--- START ---

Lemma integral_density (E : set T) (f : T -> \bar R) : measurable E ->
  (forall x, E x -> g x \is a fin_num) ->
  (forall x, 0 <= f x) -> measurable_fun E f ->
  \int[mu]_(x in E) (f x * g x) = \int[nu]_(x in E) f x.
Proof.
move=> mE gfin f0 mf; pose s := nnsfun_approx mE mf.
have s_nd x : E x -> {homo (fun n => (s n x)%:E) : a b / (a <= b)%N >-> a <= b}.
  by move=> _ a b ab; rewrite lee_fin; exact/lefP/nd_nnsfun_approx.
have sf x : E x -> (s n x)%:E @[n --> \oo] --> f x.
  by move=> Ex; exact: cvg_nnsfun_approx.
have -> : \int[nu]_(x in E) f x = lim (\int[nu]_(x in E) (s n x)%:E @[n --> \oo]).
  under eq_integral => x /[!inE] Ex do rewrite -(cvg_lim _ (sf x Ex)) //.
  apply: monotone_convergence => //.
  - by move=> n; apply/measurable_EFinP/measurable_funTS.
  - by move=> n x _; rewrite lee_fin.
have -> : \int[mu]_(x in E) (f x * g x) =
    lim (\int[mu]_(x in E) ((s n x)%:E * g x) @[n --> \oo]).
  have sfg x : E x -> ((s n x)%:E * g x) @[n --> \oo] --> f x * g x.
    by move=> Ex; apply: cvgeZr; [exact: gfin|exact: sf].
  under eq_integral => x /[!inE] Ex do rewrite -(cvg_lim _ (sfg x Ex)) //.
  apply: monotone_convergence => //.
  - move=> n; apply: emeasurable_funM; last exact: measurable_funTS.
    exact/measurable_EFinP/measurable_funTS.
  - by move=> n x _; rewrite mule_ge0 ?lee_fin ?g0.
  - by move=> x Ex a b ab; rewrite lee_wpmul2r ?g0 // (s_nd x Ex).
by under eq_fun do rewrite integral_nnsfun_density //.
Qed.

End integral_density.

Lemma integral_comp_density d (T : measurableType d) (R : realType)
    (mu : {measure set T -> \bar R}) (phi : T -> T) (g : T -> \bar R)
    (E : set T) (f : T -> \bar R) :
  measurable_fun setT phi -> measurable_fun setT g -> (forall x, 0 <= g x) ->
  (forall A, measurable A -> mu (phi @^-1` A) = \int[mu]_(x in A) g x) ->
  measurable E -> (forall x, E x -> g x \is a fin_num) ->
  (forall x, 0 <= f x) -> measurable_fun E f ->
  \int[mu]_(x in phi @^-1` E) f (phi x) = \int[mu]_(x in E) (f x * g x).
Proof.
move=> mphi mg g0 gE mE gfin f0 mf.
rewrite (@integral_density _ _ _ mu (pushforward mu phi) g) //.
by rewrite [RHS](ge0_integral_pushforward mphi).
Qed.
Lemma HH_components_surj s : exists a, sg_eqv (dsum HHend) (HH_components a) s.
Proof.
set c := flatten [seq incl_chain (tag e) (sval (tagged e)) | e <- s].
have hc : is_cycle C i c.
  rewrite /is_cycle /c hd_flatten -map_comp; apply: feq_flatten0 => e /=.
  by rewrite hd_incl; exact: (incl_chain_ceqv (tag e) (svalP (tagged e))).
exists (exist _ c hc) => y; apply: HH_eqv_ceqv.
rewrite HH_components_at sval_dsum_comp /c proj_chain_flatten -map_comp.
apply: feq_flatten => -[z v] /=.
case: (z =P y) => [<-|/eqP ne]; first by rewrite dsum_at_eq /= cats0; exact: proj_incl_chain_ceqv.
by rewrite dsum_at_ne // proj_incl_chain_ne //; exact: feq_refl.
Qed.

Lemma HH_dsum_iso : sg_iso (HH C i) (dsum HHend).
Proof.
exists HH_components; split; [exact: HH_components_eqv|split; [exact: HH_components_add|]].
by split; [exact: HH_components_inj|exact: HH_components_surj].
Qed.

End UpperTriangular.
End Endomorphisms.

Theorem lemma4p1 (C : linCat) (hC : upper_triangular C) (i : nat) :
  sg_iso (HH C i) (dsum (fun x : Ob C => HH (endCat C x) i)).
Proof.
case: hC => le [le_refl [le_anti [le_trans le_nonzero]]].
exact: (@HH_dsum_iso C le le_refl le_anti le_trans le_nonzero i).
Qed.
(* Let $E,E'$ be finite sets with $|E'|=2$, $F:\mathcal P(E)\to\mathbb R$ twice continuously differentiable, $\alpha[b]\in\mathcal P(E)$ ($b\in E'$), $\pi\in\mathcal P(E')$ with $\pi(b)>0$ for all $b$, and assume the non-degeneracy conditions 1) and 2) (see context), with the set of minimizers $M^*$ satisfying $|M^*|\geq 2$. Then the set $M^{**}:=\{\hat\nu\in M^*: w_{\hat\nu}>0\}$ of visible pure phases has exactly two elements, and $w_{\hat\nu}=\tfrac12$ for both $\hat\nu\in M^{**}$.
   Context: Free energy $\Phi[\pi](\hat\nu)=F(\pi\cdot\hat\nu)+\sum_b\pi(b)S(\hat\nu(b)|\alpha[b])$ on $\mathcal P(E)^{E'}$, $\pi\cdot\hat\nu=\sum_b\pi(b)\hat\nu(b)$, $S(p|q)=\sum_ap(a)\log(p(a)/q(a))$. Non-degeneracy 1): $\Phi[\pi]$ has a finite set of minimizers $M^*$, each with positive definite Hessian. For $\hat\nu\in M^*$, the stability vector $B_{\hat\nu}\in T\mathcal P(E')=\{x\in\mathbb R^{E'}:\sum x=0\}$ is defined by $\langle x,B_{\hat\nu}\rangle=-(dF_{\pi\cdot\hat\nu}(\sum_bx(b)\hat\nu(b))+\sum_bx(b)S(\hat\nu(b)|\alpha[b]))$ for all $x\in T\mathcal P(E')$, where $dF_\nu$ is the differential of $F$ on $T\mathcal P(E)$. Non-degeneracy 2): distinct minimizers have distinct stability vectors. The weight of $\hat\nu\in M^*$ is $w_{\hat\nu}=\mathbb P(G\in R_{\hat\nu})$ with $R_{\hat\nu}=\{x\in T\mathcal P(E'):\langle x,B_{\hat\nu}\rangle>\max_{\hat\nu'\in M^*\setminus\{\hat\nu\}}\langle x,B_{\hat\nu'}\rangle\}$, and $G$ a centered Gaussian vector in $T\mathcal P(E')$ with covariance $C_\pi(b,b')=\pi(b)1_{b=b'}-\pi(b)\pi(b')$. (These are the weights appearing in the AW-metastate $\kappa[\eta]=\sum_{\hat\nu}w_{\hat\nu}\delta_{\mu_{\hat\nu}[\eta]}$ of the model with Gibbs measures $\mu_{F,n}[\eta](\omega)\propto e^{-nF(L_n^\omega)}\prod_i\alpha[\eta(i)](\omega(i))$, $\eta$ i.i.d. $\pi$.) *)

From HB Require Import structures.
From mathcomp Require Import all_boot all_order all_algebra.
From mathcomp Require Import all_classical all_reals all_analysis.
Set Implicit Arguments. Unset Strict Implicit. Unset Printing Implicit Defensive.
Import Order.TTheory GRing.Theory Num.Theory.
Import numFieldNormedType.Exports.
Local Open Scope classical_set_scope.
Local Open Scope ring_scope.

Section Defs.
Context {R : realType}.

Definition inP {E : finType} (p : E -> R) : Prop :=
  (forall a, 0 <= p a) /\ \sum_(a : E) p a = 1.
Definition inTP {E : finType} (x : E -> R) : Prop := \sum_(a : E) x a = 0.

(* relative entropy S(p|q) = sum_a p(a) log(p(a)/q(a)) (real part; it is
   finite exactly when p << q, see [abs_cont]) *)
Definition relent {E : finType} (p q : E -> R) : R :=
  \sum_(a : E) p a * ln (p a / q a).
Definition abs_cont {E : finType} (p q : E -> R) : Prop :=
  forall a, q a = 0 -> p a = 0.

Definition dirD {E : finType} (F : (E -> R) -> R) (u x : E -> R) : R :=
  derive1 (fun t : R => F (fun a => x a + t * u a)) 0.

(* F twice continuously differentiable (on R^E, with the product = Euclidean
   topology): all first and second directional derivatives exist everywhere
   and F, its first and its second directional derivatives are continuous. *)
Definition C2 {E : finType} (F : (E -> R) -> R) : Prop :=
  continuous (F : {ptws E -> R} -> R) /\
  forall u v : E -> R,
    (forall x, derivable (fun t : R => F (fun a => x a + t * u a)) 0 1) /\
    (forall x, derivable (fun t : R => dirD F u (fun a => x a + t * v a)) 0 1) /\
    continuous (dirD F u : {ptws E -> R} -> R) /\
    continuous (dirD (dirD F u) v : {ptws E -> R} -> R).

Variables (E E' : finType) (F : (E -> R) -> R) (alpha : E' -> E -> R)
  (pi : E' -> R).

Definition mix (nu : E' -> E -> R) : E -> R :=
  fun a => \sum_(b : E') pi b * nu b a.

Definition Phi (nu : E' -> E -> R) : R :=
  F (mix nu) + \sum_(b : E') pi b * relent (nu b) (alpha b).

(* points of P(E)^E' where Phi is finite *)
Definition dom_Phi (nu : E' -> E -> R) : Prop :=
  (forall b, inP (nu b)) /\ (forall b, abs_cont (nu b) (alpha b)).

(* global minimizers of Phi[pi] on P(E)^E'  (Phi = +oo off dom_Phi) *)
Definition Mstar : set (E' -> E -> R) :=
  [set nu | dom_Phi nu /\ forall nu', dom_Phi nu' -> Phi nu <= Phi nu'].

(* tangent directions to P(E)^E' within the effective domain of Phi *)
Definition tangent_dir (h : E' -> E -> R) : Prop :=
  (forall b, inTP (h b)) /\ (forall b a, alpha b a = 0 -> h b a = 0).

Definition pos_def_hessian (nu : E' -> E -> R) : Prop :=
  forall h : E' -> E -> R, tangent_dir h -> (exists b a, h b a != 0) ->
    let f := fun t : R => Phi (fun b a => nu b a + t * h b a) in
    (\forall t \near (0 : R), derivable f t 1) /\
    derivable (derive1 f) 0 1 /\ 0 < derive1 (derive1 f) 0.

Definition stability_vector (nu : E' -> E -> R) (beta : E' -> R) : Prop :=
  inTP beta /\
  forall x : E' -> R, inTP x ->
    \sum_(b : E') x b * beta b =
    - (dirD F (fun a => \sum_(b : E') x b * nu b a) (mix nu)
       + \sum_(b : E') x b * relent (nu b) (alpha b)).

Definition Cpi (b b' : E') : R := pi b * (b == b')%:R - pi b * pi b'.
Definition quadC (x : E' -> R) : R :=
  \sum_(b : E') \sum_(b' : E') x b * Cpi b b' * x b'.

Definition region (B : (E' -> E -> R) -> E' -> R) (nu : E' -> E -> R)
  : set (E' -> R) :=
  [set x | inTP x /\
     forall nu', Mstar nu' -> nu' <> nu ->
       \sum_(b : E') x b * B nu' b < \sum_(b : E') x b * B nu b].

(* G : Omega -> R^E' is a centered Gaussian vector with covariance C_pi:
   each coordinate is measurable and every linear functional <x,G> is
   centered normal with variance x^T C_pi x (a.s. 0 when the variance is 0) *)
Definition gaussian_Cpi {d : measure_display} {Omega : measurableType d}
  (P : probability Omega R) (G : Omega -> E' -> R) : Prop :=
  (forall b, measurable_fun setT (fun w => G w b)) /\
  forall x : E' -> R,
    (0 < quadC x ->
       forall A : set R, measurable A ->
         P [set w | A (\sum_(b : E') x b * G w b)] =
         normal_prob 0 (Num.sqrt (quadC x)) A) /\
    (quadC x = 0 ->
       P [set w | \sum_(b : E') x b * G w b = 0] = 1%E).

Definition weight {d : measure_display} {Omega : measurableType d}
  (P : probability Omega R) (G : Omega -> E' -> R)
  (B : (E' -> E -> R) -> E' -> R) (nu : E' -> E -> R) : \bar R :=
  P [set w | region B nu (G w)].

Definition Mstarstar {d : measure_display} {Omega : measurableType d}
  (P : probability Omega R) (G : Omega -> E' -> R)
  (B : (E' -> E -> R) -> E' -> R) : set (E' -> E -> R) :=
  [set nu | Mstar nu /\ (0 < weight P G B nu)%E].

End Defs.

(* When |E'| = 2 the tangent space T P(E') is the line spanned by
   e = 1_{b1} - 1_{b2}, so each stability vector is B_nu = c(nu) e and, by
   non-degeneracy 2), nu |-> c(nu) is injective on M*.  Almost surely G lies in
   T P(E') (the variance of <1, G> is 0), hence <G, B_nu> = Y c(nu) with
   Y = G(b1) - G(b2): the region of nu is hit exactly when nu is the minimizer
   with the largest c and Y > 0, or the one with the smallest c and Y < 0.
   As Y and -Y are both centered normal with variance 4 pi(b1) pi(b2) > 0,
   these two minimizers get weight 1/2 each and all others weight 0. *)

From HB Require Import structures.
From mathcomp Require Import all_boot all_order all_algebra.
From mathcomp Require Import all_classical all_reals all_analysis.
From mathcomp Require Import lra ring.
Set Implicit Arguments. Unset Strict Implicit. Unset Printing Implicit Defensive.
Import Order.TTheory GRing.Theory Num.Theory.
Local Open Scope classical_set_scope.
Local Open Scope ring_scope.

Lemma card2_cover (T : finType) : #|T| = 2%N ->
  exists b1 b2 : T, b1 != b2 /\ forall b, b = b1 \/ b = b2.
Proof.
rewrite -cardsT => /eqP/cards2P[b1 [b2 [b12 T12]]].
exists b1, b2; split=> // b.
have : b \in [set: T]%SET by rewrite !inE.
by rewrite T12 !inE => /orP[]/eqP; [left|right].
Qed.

--- END ---

TASK REQUIREMENTS
Copy out every line from the data above that has "centered" in it.

RESULT
   Context: Free energy $\Phi[\pi](\hat\nu)=F(\pi\cdot\hat\nu)+\sum_b\pi(b)S(\hat\nu(b)|\alpha[b])$ on $\mathcal P(E)^{E'}$, $\pi\cdot\hat\nu=\sum_b\pi(b)\hat\nu(b)$, $S(p|q)=\sum_ap(a)\log(p(a)/q(a))$. Non-degeneracy 1): $\Phi[\pi]$ has a finite set of minimizers $M^*$, each with positive definite Hessian. For $\hat\nu\in M^*$, the stability vector $B_{\hat\nu}\in T\mathcal P(E')=\{x\in\mathbb R^{E'}:\sum x=0\}$ is defined by $\langle x,B_{\hat\nu}\rangle=-(dF_{\pi\cdot\hat\nu}(\sum_bx(b)\hat\nu(b))+\sum_bx(b)S(\hat\nu(b)|\alpha[b]))$ for all $x\in T\mathcal P(E')$, where $dF_\nu$ is the differential of $F$ on $T\mathcal P(E)$. Non-degeneracy 2): distinct minimizers have distinct stability vectors. The weight of $\hat\nu\in M^*$ is $w_{\hat\nu}=\mathbb P(G\in R_{\hat\nu})$ with $R_{\hat\nu}=\{x\in T\mathcal P(E'):\langle x,B_{\hat\nu}\rangle>\max_{\hat\nu'\in M^*\setminus\{\hat\nu\}}\langle x,B_{\hat\nu'}\rangle\}$, and $G$ a centered Gaussian vector in $T\mathcal P(E')$ with covariance $C_\pi(b,b')=\pi(b)1_{b=b'}-\pi(b)\pi(b')$. (These are the weights appearing in the AW-metastate $\kappa[\eta]=\sum_{\hat\nu}w_{\hat\nu}\delta_{\mu_{\hat\nu}[\eta]}$ of the model with Gibbs measures $\mu_{F,n}[\eta](\omega)\propto e^{-nF(L_n^\omega)}\prod_i\alpha[\eta(i)](\omega(i))$, $\eta$ i.i.d. $\pi$.) *)
(* G : Omega -> R^E' is a centered Gaussian vector with covariance C_pi:
   centered normal with variance x^T C_pi x (a.s. 0 when the variance is 0) *)
   As Y and -Y are both centered normal with variance 4 pi(b1) pi(b2) > 0,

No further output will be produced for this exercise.